*PROBLEM STATEMENT*: Which lines in the records below contain the word "exprSr"? Copy each one.

*PROVIDED ENTRIES*:
Section Neighbourhoods.
Variables (V : finType) (e : rel V).
Implicit Types (v : V) (A J S : {set V}).

Definition nbhd (v : V) : {set V} := [set y | e v y].
Definition cnbhd (v : V) : {set V} := v |: nbhd v.
Definition uncovered (v : V) (J : {set V}) : {set V} :=
  [set u in nbhd v | [forall j in J, ~~ e u j]].
Definition indep_outside (v : V) (J : {set V}) : bool :=
  (J \subset ~: cnbhd v) && independent e J.

Lemma independentP (A : {set V}) :
  reflect {in A &, forall x y, ~~ e x y} (independent e A).
Proof.
apply: (iffP forall_inP) => [indA x y xA yA | indA x xA].
  by move/forall_inP: (indA x xA); apply.
by apply/forall_inP => y yA; apply: indA.
Qed.

Lemma uncovered_sub v J : uncovered v J \subset nbhd v.
Proof. by apply/subsetP => u; rewrite inE => /andP[]. Qed.

Lemma sub1set_cnbhd v : [set v] \subset cnbhd v.
Proof. by rewrite sub1set setU11. Qed.

Lemma outside_setU v J S : J \subset ~: cnbhd v -> S \subset cnbhd v ->
  [/\ #|J :|: S| = (#|J| + #|S|)%N, (J :|: S) :&: nbhd v = S :&: nbhd v
    & (v \in J :|: S) = (v \in S)].
Proof.
move=> /subsetP sJ /subsetP sS.
have notinJ z : z \in cnbhd v -> z \notin J by apply: contraL => /sJ; rewrite inE.
have vC : v \in cnbhd v by rewrite setU11.
split.
- rewrite cardsU; suff -> : J :&: S = set0 by rewrite cards0 subn0.
  by apply/setP => z; rewrite !inE; case zS: (z \in S); rewrite ?andbF ?(negbTE (notinJ z _)) ?sS.
- apply/setP => z; rewrite !inE; case ezv: (e v z); rewrite ?andbF //=.
  by rewrite (negbTE (notinJ z _)) // !inE ezv orbT.
- by rewrite in_setU (negbTE (notinJ v vC)).
Qed.

Lemma independent_setU_center v J S : S \subset cnbhd v -> v \in S ->
  independent e (J :|: S) -> S = [set v].
Proof.
move=> /subsetP sS vS /independentP indJS; apply/setP => z; rewrite inE.
apply/idP/eqP => [zS | ->] //; apply/eqP/negPn/negP => zv.
move: (sS z zS); rewrite !inE (negbTE zv) /= => evz.
by move: (indJS v z); rewrite !inE vS zS ?orbT evz => /(_ isT isT).
Qed.

Hypothesis hG : simple_graph e.

Lemma independent_setU1_center v J : indep_outside v J -> independent e (J :|: [set v]).
Proof.
have [esym eirr] := hG.
case/andP=> /subsetP sJ /independentP indJ.
have farJ z : z \in J -> (z != v) && ~~ e v z.
  by move/sJ; rewrite !inE negb_or.
apply/independentP => x y; rewrite !inE => /orP[xJ | /eqP->] /orP[yJ | /eqP->].
- exact: indJ.
- by rewrite esym; case/andP: (farJ x xJ).
- by case/andP: (farJ y yJ).
- exact: eirr.
Qed.

Hypothesis htf : triangle_free e.

Lemma independent_setU_uncovered v J S : indep_outside v J -> S \subset nbhd v ->
  independent e (J :|: S) = (S \subset uncovered v J).
Proof.
have [esym _] := hG.
case/andP=> _ /independentP indJ /subsetP sS.
apply/independentP/subsetP => [indJS u uS | sU x y].
  rewrite inE sS //=; apply/forall_inP => j jJ.
  by apply: indJS; rewrite inE ?uS ?jJ ?orbT.
have uncov z : z \in S -> e v z && [forall j in J, ~~ e z j].
  by move/sU; rewrite !inE.
rewrite !inE => /orP[xJ | xS] /orP[yJ | yS].
- exact: indJ.
- by case/andP: (uncov y yS) => _ /forall_inP /(_ x xJ); rewrite esym.
- by case/andP: (uncov x xS) => _ /forall_inP /(_ y yJ).
- case/andP: (uncov x xS) => evx _; case/andP: (uncov y yS) => evy _.
  by apply/negP => exy; move: (htf evx exy); rewrite evy.
Qed.

Lemma subset_nbhd v S : (S \subset nbhd v) = (S \subset cnbhd v) && (v \notin S).
Proof.
have [_ eirr] := hG.
apply/idP/andP => [sN | [sC vS]].
  split; first exact: subset_trans sN (subsetUr _ _).
  by apply: contraNN (eirr v) => /(subsetP sN); rewrite inE.
apply/subsetP => z zS; move/subsetP: sC => /(_ z zS); rewrite !inE.
by case: eqP => [zv | //]; rewrite -zv zS in vS.
Qed.

Lemma outside_setU1 v J : J \subset ~: cnbhd v ->
  [/\ #|J :|: [set v]| = #|J|.+1, (J :|: [set v]) :&: nbhd v = set0
    & v \in J :|: [set v]].
Proof.
have [_ eirr] := hG.
move=> sJ; have [-> -> ->] := outside_setU sJ (sub1set_cnbhd v).
rewrite cards1 addn1 set11; split => //; apply/setP => z; rewrite !inE.
by case: eqP => // ->; rewrite (negbTE (eirr v)).
Qed.

Lemma outside_setU_nbhd v J S : J \subset ~: cnbhd v -> S \subset nbhd v ->
  [/\ #|J :|: S| = (#|J| + #|S|)%N, (J :|: S) :&: nbhd v = S & v \notin J :|: S].
Proof.
move=> sJ sN; have /andP[sC vS] : (S \subset cnbhd v) && (v \notin S) by rewrite -subset_nbhd.
by have [-> -> ->] := outside_setU sJ sC; rewrite (setIidPl sN).
Qed.

Lemma sum_independent_local (R : nmodType) v (F : {set V} -> R) :
  \sum_(I | independent e I) F I =
  \sum_(J | indep_outside v J)
     (F (J :|: [set v]) + \sum_(S : {set V} | S \subset uncovered v J) F (J :|: S)).
Proof.
rewrite (partition_big (fun I => I :\: cnbhd v) (indep_outside v)); last first.
  move=> I /independentP indI; apply/andP; split.
    by apply/subsetP => z; rewrite !inE => /andP[].
  by apply/independentP => x y; rewrite !inE => /andP[_ xI] /andP[_ yI]; apply: indI.
apply: eq_bigr => J outJ.
rewrite (reindex_onto (fun S : {set V} => J :|: S) (fun I => I :&: cnbhd v)) /=; last first.
  by move=> I /andP[_ /eqP <-]; rewrite setUC setID.
have dJ : [disjoint J & cnbhd v] by rewrite disjoints_subset; case/andP: outJ.
have pieces (S : {set V}) :
    independent e (J :|: S) && ((J :|: S) :\: cnbhd v == J) && ((J :|: S) :&: cnbhd v == S)
    = (S \subset cnbhd v) && independent e (J :|: S).
  apply/idP/andP => [/andP[/andP[indJS _] /eqP eqS] | [sS indJS]].
    by split => //; rewrite -eqS subsetIr.
  have SC : S :\: cnbhd v = set0 by apply/eqP; rewrite setD_eq0.
  rewrite indJS setDUl setIUl SC (setDidPl dJ) (setIidPl sS) (disjoint_setI0 dJ).
  by rewrite setU0 set0U !eqxx.
rewrite (eq_bigl _ _ pieces).
rewrite (bigID (fun S => v \in S)) /=; congr (_ + _).
  apply: big_pred1 => S /=; apply/idP/eqP => [/andP[/andP[sS indJS] vS] | ->].
    exact: independent_setU_center indJS.
  by rewrite sub1set setU11 set11 andbT independent_setU1_center.
apply: eq_bigl => S; rewrite andbAC -subset_nbhd.
have [sN | nsN] := boolP (S \subset nbhd v); first by rewrite (independent_setU_uncovered outJ sN).
by apply/esym/negbTE; apply: contra nsN => /subset_trans; apply; apply: uncovered_sub.
Qed.

End Neighbourhoods.

Section IndependencePolynomial.
Variables (R : comNzRingType) (V : finType) (e : rel V).

Lemma horner_indep_poly (x : R) :
  (indep_poly R e).[x] = \sum_(A : {set V} | independent e A) x ^+ #|A|.
Proof. by rewrite horner_sum; apply: eq_bigr => A _; rewrite hornerXn. Qed.

Lemma horner_indep_poly_deriv (x : R) :
  x * (indep_poly R e)^`().[x] = \sum_(A : {set V} | independent e A) #|A|%:R * x ^+ #|A|.
Proof.
rewrite raddf_sum /= horner_sum mulr_sumr; apply: eq_bigr => A _.
rewrite derivXn hornerMn hornerXn mulrnAr.
by case: #|A| => [|k]; rewrite ?mul0r // -exprS mulr_natl.
Qed.

End IndependencePolynomial.

Section LocalSums.
Variables (R : comNzRingType) (V : finType) (e : rel V) (lam : R).
Hypotheses (hG : simple_graph e) (htf : triangle_free e).

Lemma local_partition v :
  \sum_(I : {set V} | independent e I) lam ^+ #|I| =
  \sum_(J | indep_outside e v J) lam ^+ #|J| * (lam + (1 + lam) ^+ #|uncovered e v J|).
Proof.
rewrite (sum_independent_local hG htf v); apply: eq_bigr => J /andP[sJ _].
have [-> _ _] := outside_setU1 hG sJ.
rewrite exprSr mulrDr; congr (_ + _).
rewrite -sum_subset_expr mulr_sumr; apply: eq_bigr => S sU.
have [-> _ _] := outside_setU_nbhd hG sJ (subset_trans sU (uncovered_sub e v J)).
by rewrite exprD.
Qed.

Lemma local_occupancy v :
  \sum_(I : {set V} | independent e I) (v \in I)%:R * lam ^+ #|I| =
  \sum_(J | indep_outside e v J) lam ^+ #|J| * lam.
Proof.
rewrite (sum_independent_local hG htf v); apply: eq_bigr => J /andP[sJ _].
have [-> _ ->] := outside_setU1 hG sJ.
rewrite mul1r exprSr big1 ?addr0 // => S sU.
have [_ _ vJS] := outside_setU_nbhd hG sJ (subset_trans sU (uncovered_sub e v J)).
by rewrite (negbTE vJS) mul0r.
Qed.

Lemma local_nbhd_occupancy v :
  \sum_(I : {set V} | independent e I) #|I :&: nbhd e v|%:R * lam ^+ #|I| =
  \sum_(J | indep_outside e v J) lam ^+ #|J| *
     (#|uncovered e v J|%:R * lam * (1 + lam) ^+ #|uncovered e v J|.-1).
Proof.
rewrite (sum_independent_local hG htf v); apply: eq_bigr => J /andP[sJ _].
have [_ -> _] := outside_setU1 hG sJ.
rewrite cards0 mul0r add0r -sum_subset_card_expr mulr_sumr; apply: eq_bigr => S sU.
have [-> -> _] := outside_setU_nbhd hG sJ (subset_trans sU (uncovered_sub e v J)).
by rewrite exprD mulrCA.
Qed.

End LocalSums.

Lemma card_eq_sum_mem (T : finType) (A : {set T}) : #|A| = (\sum_(x : T) (x \in A))%N.
Proof. by rewrite -sum1_card big_mkcond; apply: eq_bigr => x _; case: (x \in A). Qed.

Lemma sum_card_setI_nbhd (V : finType) (e : rel V) (d : nat) (A : {set V}) :
  simple_graph e -> regular e d -> (\sum_(v : V) #|A :&: nbhd e v|)%N = (d * #|A|)%N.
Proof.
move=> [esym _] hreg.
transitivity (\sum_(v : V) \sum_(u in A) (e v u : nat))%N.
  apply: eq_bigr => v _; rewrite card_eq_sum_mem [RHS]big_mkcond.
  by apply: eq_bigr => u _; rewrite !inE; case: (u \in A).
rewrite exchange_big /= mulnC -sum_nat_const; apply: eq_bigr => u _.
by rewrite -(hreg u) card_eq_sum_mem; apply: eq_bigr => v _; rewrite inE esym.
Qed.

Section LocalAverages.
Variables (R : comNzRingType) (V : finType) (e : rel V) (lam : R).
Hypotheses (hG : simple_graph e) (htf : triangle_free e).

Definition local_sum (f : nat -> R) : R :=
  \sum_(v : V) \sum_(J | indep_outside e v J) lam ^+ #|J| * f #|uncovered e v J|.

Lemma local_sum_partition :
  #|V|%:R * (indep_poly R e).[lam] = local_sum (fun y => lam + (1 + lam) ^+ y).
Proof.
rewrite /local_sum; under eq_bigr do rewrite -local_partition //.
by rewrite sumr_const mulr_natl horner_indep_poly.
Qed.

Lemma local_sum_occupancy : lam * (indep_poly R e)^`().[lam] = local_sum (fun=> lam).
Proof.
rewrite /local_sum; under eq_bigr do rewrite -local_occupancy //.
rewrite exchange_big horner_indep_poly_deriv; apply: eq_bigr => I _.
by rewrite -mulr_suml -natr_sum -card_eq_sum_mem.
Qed.

Lemma local_sum_nbhd_occupancy d : regular e d ->
  d%:R * (lam * (indep_poly R e)^`().[lam])
  = local_sum (fun y => y%:R * lam * (1 + lam) ^+ y.-1).
Proof.
move=> hreg; rewrite /local_sum; under eq_bigr do rewrite -local_nbhd_occupancy //.
rewrite exchange_big horner_indep_poly_deriv mulr_sumr; apply: eq_bigr => I _.
by rewrite -mulr_suml -natr_sum (sum_card_setI_nbhd _ hG hreg) natrM mulrA.
Qed.

End LocalAverages.

Section SlackSum.
Variables (R : realDomainType) (V : finType) (e : rel V) (d : nat) (lam : R).
Hypotheses (hG : simple_graph e) (htf : triangle_free e) (hreg : regular e d)
  (lam_gt0 : 0 < lam).

Lemma card_uncovered_le v (J : {set V}) : (#|uncovered e v J| <= d)%N.
Proof. by rewrite -(hreg v); apply/subset_leq_card/uncovered_sub. Qed.

Lemma local_sum_slack :
  local_sum e lam (slack lam d) =
  d%:R * (lam * (1 + lam) ^+ d.-1 * (#|V|%:R * (indep_poly R e).[lam])
          - lam * (indep_poly R e)^`().[lam] * (2 * (1 + lam) ^+ d - 1)).
Proof.
have -> : local_sum e lam (slack lam d) =
    d%:R * lam * (1 + lam) ^+ d.-1 * local_sum e lam (fun y => lam + (1 + lam) ^+ y)
    - d%:R * (1 + lam) ^+ d * local_sum e lam (fun=> lam)
    - ((1 + lam) ^+ d - 1) * local_sum e lam (fun y => y%:R * lam * (1 + lam) ^+ y.-1).
  rewrite /local_sum !mulr_sumr -!sumrB; apply: eq_bigr => v _.
  by rewrite !mulr_sumr -!sumrB; apply: eq_bigr => J _; rewrite /slack; ring.
rewrite -local_sum_partition // -local_sum_occupancy // -(local_sum_nbhd_occupancy _ hG htf hreg).
ring.
Qed.

Lemma slack_term_ge0 v (J : {set V}) : 0 <= lam ^+ #|J| * slack lam d #|uncovered e v J|.
Proof. by rewrite mulr_ge0 ?exprn_ge0 ?slack_ge0 ?card_uncovered_le ?ltW. Qed.

Lemma local_sum_slack_ge0 : 0 <= local_sum e lam (slack lam d).
Proof. by do 2!apply: sumr_ge0 => ? _; apply: slack_term_ge0. Qed.

Lemma local_sum_slack_eq0 : local_sum e lam (slack lam d) = 0 ->
  forall v J, indep_outside e v J ->
  (#|uncovered e v J| == 0%N) || (#|uncovered e v J| == d).
Proof.
rewrite /local_sum => sum0 v J outJ.
have inner0 := psumr_eq0P (fun v _ => sumr_ge0 _ (fun J _ => slack_term_ge0 v J)) sum0 (i := v) isT.
move/eqP: (psumr_eq0P (fun J _ => slack_term_ge0 v J) inner0 outJ).
rewrite mulf_eq0 expf_eq0 (gt_eqF lam_gt0) andbF /=; apply: contraLR.
rewrite negb_or => /andP[U0 Ud].
by rewrite gt_eqF // slack_gt0 // lt0n U0 ltn_neqAle Ud card_uncovered_le.
Qed.

End SlackSum.

Lemma nbhd_eq_of_extreme (V : finType) (e : rel V) (d : nat) :
  simple_graph e -> triangle_free e -> regular e d ->
  (forall v J, indep_outside e v J ->
     (#|uncovered e v J| == 0%N) || (#|uncovered e v J| == d)) ->
  forall v u x, e v u -> e u x -> nbhd e v = nbhd e x.
Proof.
move=> [esym eirr] htf hreg extreme v u x evu eux.
have [-> // | xv] := eqVneq x v.
have outx : indep_outside e v [set x].
  rewrite /indep_outside sub1set !inE negb_or xv (htf _ _ _ evu eux) /=.
  by apply/independentP => a b; rewrite !inE => /eqP-> /eqP->.
have Ux : uncovered e v [set x] = [set w in nbhd e v | ~~ e w x].
  apply/setP => w; rewrite !inE; congr (_ && _).
  by apply/forall_inP/idP => [-> | ? j /set1P->]; rewrite ?inE.
have U_proper : uncovered e v [set x] \proper nbhd e v.
  rewrite Ux; apply/properP; split; first by apply/subsetP => w; rewrite inE => /andP[].
  by exists u; rewrite !inE ?evu // eux.
have /orP[/eqP U0 | /eqP Ud] := extreme v _ outx; last first.
  by move: (proper_card U_proper); rewrite Ud hreg ltnn.
apply/eqP; rewrite eqEcard hreg -(hreg v) leqnn andbT.
apply/subsetP => w; rewrite !inE => evw; apply/negPn/negP => exw.
have : w \in uncovered e v [set x] by rewrite Ux !inE evw esym exw.
by rewrite (cards0_eq U0) inE.
Qed.

Section TwinClasses.
Variables (V : finType) (e : rel V) (d : nat).
Hypotheses (hG : simple_graph e) (hreg : regular e d) (d_gt0 : (0 < d)%N)
  (nbhd_eq_dist2 : forall v u x, e v u -> e u x -> nbhd e v = nbhd e x).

*SOLUTION TO THIS PROBLEM*:
rewrite exprSr mulrDr; congr (_ + _).
rewrite mul1r exprSr big1 ?addr0 // => S sU.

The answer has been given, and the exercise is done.